=== Begin Enclosure ===

(* Let $V$ be a finite-dimensional real vector space and $X\subseteq V$ a finite or countable set in which every $2$-dimensional linear subset has fundamental vectors, equipped with a suitable ordering. Then the subsets of $X$ that are biclosed in $X$ form a complete lattice under containment. More specifically, for any collection $\mathcal{X}$ of biclosed subsets of $X$, \[\bigvee_{Y\in\mathcal{X}}Y=\overline{\bigcup_{Y\in\mathcal{X}}Y},\qquad \bigwedge_{Y\in\mathcal{X}}Y=\Big(\bigcap_{Y\in\mathcal{X}}Y\Big)^{\circ}.\]
   Context: $\mathrm{Span}_+$ denotes nonnegative linear combinations. For $Y\subseteq X$, $B\subseteq Y$: closed in $Y$ if $\alpha,\beta\in B$, $\gamma\in\mathrm{Span}_+(\alpha,\beta)\cap Y$ imply $\gamma\in B$; coclosed if $Y\setminus B$ closed; biclosed if both; weakly separable if $\mathrm{Span}_+(B)\cap\mathrm{Span}_+(Y\setminus B)=\{0\}$; $Y$ is clean if every biclosed subset of $Y$ is weakly separable in $Y$. $\overline{A}$ denotes the closure of $A$ in $X$ (smallest closed subset of $X$ containing $A$) and $A^\circ=X\setminus\overline{X\setminus A}$ the interior (largest coclosed subset of $X$ contained in $A$). A linear subset is $X\cap L$ for a subspace $L$. A $2$-dimensional linear subset $Y$ has fundamental vectors $\alpha,\beta\in Y$ if $Y\subseteq\mathrm{Span}_+\{\alpha,\beta\}$ and neither $\alpha$ nor $\beta$ lies in the nonnegative span of the other elements of $Y$. $F\subseteq X$ is full if $F\cap\mathrm{Span}\{\alpha,\beta\}=X\cap\mathrm{Span}\{\alpha,\beta\}$ for all $\alpha,\beta\in F$. An ordering $\gamma_1,\gamma_2,\ldots$ of $X$ with initial segments $X_i=\{\gamma_1,\dots,\gamma_i\}$ is suitable if (1) in every $2$-dimensional linear subset the fundamental vectors precede all its other vectors, and (2) for every $i$ and $\alpha,\beta,\gamma\in X_i$ there is a full $F\subseteq X$ containing them with $F\cap X_i$ clean. *)

From HB Require Import structures.
From mathcomp Require Import all_boot all_order all_algebra.
From mathcomp Require Import boolp classical_sets reals.
Set Implicit Arguments. Unset Strict Implicit. Unset Printing Implicit Defensive.
Import Order.TTheory GRing.Theory Num.Theory.
Local Open Scope classical_set_scope.
Local Open Scope ring_scope.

=== End Enclosure ===

About this exercise
Each line above that contains the string "Local" should be copied.

Task answer
Local Open Scope classical_set_scope.
Local Open Scope ring_scope.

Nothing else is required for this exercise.